Records from a dataset:
··········

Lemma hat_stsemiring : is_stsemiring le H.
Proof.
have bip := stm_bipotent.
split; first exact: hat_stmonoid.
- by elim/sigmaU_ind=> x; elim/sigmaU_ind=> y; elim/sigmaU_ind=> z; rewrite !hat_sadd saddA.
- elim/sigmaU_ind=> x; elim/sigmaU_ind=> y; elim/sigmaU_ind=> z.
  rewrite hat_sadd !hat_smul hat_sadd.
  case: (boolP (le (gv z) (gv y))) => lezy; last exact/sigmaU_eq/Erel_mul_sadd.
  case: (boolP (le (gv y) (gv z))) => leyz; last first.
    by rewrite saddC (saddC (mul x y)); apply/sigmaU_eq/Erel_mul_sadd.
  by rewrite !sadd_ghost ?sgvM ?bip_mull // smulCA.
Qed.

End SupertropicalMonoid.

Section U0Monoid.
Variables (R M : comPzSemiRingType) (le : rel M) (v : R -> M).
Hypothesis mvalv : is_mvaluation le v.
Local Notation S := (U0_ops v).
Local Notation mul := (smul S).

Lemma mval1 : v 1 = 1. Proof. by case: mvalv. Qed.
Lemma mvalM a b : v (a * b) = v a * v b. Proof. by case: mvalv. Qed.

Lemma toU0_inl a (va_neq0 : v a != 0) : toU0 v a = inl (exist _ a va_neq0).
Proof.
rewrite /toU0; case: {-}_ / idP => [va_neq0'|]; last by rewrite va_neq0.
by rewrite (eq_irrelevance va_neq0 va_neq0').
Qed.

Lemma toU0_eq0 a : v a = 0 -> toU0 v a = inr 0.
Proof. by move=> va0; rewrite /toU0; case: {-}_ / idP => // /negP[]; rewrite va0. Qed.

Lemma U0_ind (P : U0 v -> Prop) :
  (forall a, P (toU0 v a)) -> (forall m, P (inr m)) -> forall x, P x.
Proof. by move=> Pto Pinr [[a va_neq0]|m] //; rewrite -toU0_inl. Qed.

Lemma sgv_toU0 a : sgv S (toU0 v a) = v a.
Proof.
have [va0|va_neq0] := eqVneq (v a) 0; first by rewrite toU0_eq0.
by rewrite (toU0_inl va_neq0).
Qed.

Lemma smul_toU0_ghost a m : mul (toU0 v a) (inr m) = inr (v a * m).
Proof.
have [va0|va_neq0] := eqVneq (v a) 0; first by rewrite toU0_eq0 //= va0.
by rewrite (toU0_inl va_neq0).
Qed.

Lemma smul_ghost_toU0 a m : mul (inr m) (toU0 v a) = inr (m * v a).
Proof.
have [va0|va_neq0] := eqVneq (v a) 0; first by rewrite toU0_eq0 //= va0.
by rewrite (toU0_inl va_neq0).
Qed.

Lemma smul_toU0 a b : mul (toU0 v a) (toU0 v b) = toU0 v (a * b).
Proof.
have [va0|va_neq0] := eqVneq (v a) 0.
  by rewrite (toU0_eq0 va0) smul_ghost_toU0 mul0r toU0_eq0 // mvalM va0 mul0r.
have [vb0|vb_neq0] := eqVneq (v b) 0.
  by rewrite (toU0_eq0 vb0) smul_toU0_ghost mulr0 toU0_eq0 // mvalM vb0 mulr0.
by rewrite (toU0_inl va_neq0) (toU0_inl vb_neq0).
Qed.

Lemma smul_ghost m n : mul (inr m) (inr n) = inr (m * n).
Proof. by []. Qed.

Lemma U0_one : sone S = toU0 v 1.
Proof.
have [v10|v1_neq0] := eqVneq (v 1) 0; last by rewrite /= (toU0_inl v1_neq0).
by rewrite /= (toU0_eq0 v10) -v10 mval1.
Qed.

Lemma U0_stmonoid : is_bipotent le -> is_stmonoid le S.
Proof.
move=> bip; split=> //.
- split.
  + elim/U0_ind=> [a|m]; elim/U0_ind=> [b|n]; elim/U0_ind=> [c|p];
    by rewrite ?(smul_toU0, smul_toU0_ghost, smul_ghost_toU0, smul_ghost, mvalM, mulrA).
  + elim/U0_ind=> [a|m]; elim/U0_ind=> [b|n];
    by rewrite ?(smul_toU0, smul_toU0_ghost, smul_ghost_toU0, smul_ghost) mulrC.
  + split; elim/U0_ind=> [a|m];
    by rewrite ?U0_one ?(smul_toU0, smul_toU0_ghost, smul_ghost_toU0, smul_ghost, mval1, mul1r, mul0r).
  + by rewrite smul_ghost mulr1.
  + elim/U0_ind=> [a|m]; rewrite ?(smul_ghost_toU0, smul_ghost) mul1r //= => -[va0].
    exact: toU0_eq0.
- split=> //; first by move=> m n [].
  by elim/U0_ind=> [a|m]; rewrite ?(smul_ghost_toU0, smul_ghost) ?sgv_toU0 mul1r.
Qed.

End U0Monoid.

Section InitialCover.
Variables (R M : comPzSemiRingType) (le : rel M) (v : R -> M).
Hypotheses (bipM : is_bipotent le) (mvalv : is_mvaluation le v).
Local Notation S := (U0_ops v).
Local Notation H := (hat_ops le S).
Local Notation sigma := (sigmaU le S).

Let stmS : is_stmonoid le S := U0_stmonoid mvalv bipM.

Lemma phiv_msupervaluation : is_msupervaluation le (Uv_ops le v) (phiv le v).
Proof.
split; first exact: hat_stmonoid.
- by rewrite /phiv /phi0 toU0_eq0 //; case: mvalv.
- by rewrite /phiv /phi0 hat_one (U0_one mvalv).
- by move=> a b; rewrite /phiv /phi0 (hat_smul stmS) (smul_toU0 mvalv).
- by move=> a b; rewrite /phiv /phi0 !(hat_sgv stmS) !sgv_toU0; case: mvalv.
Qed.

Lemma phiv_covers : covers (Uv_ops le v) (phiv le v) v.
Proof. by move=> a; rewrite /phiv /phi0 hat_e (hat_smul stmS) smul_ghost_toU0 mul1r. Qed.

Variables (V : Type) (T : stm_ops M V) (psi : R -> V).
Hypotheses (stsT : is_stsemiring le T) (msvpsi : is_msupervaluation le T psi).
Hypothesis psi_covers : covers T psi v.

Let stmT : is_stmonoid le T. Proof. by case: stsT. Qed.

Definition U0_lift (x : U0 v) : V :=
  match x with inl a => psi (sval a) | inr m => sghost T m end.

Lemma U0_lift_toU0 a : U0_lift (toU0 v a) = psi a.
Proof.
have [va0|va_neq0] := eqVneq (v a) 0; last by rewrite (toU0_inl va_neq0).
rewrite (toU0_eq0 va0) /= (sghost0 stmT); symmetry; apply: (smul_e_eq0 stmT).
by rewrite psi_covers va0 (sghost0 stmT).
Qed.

··········

> What is being asked
Some lines above contain the word "Local". Copy each of them.

> Task answer
Local Notation S := (U0_ops v).
Local Notation mul := (smul S).
Local Notation S := (U0_ops v).
Local Notation H := (hat_ops le S).
Local Notation sigma := (sigmaU le S).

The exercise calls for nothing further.